This is problem 1.41(b) in Casella and Berger's Statistical Inference.
Consider telegraph signals "dot" and "dash" sent such that $$\mathbb{P}(\text{dot sent}) = \dfrac{3}{7}$$ and $$\mathbb{P}(\text{dash sent}) = \dfrac{4}{7}$$ where erratic transmissions cause a dot to become a dash with probability $\dfrac{1}{4}$ and a dash to become a dot with probability $\dfrac{1}{3}$.
It isn't too hard to see, using Bayes' Theorem, that $$\mathbb{P}(\text{dash sent} \mid \text{dash received}) = \dfrac{32}{41}$$ and then it states:
Assuming independence between signals, if the message dot-dot was received, what is the probability distribution of the four possible message that could have been sent?
There are four possible messages:
- dot-dot
- dot-dash
- dash-dot
- dash-dash.
[My work here originally was completely wrong, and has been removed.]
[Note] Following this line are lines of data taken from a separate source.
(* Let $S\subseteq R$ be an extension of commutative domains. Then $R$ is super-multiplicative if and only if for every maximal ideal $\mathfrak m$ of $S$ the ring $R_{\mathfrak m}$ is super-multiplicative.
   Context: $R_{\mathfrak m}$ denotes the localization of $R$ at the multiplicative set $S\setminus\mathfrak m$. For a commutative ring $A$ and an ideal $I$ with $[A:I]$ finite, $N(I)=[A:I]$ (additive index). $A$ is super-multiplicative if for every pair of $A$-ideals $I,J$ with $[A:IJ]$ finite one has $N(IJ)\geq N(I)N(J)$. *)

From HB Require Import structures.
From mathcomp Require Import all_boot all_order all_algebra.
Set Implicit Arguments. Unset Strict Implicit. Unset Printing Implicit Defensive.
Import Order.TTheory GRing.Theory Num.Theory.
Local Open Scope ring_scope.

Section IdealTheory.
Variable T : comRingType.

Definition is_subring (A : T -> Prop) : Prop :=
  [/\ A 1, (forall x y, A x -> A y -> A (x - y))
     & (forall x y, A x -> A y -> A (x * y))].

Definition is_ideal (A I : T -> Prop) : Prop :=
  [/\ (forall x, I x -> A x), I 0,
      (forall x y, I x -> I y -> I (x - y))
    & (forall a x, A a -> I x -> I (a * x))].

Definition ideal_mul (I J : T -> Prop) : T -> Prop :=
  fun z => exists (n : nat) (x y : 'I_n -> T),
    (forall i, I (x i) /\ J (y i)) /\ z = \sum_(i < n) x i * y i.

(* ideal_index A I n  <->  [A : I] is finite and equal to n, i.e. the
   additive quotient A/I has exactly n cosets (a complete, irredundant
   system of n coset representatives exists). *)
Definition ideal_index (A I : T -> Prop) (n : nat) : Prop :=
  exists r : 'I_n -> T,
    [/\ (forall i, A (r i)),
        (forall i j, I (r i - r j) -> i = j)
      & (forall a, A a -> exists i, I (a - r i))].

(* A is super-multiplicative: for all ideals I, J of A with [A:IJ]
   finite, N(IJ) >= N(I) N(J).  (Finiteness of [A:I], [A:J] follows from
   IJ being contained in I and J.) *)
Definition super_multiplicative (A : T -> Prop) : Prop :=
  forall I J, is_ideal A I -> is_ideal A J ->
    forall n p q, ideal_index A (ideal_mul I J) n ->
      ideal_index A I p -> ideal_index A J q -> (p * q <= n)%N.

Definition is_maximal_ideal (A m : T -> Prop) : Prop :=
  [/\ is_ideal A m, ~ m 1 &
      forall J, is_ideal A J -> (forall x, m x -> J x) ->
        (forall x, J x -> m x) \/ J 1].

End IdealTheory.

(* For a domain R and a subring S, the localization R_m = (S \ m)^{-1} R,
   realized (canonically) inside the fraction field of R. *)
Definition localization (R : idomainType) (S m : R -> Prop) :
    {fraction R} -> Prop :=
  fun x => exists r s : R, [/\ S s, ~ m s &
    x = FracField.tofrac r / FracField.tofrac s].

(* If [R : IJ] is finite and m is a maximal ideal of S, pigeonhole on powers
   shows that every s in S outside m has a power congruent to 1 modulo the
   ideal IJ of R_m, so R maps onto R_m / IJ.  Contracting I, J and IJ to R
   thus preserves the three indices, and contraction commutes with products
   of ideals; hence R_m inherits super-multiplicativity from R.
   Conversely, argue by induction on [R : IJ].  Pick e in S idempotent modulo
   IJ and primitive among such idempotents.  The elements of S that are
   nilpotent on e (R / IJ) form a maximal ideal m of S, and every other element
   of S acts invertibly on it, so R / (IJ + (1 - e) R) is a quotient of R_m and
   is controlled by super-multiplicativity of R_m.  The indices of I, J and IJ
   split as products along e, and the factor R / (IJ + e R) has smaller index,
   so the induction hypothesis applies to it. *)

From HB Require Import structures.
From mathcomp Require Import all_boot all_order all_algebra.
From mathcomp Require Import ring.
From Stdlib Require Import Classical ClassicalEpsilon.
Set Implicit Arguments. Unset Strict Implicit. Unset Printing Implicit Defensive.
Import GRing.Theory.
Local Open Scope ring_scope.

Definition asbool (P : Prop) : bool :=
  if excluded_middle_informative P then true else false.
Let's take it from your last equation, where you assume conditional independence:
$$\mathbb{P}(\text{dot-dot received} \mid \text{dot-dot sent}) = \left[\mathbb{P}(\text{dot received} \mid \text{dot-dot sent}) \right]^2.$$
To make things clearer, we will number the signals:
$$\mathbb{P}(\text{dot1-dot2 received} \mid \text{dot1-dot2 sent}) = \mathbb{P}(\text{dot1 received} \mid \text{dot1-dot2 sent})\cdot \mathbb{P}(\text{dot2 received} \mid \text{dot1-dot2 sent}).$$
Now, you're being told that the signals are independent, and therefore knowing that the second signal sent was a dot doesn't say anything about the first signal you received (and vice-versa). This means that you get the equality you wanted:
$$\mathbb{P}(\text{dot1-dot2 received} \mid \text{dot1-dot2 sent}) = \mathbb{P}(\text{dot1 received} \mid \text{dot1 sent})\cdot \mathbb{P}(\text{dot2 received} \mid \text{dot2 sent}).$$
Or written differently: $$\mathbb{P}(\text{dot-dot received} \mid \text{dot-dot sent}) = \left[\mathbb{P}(\text{dot received} \mid \text{dot sent}) \right]^2.$$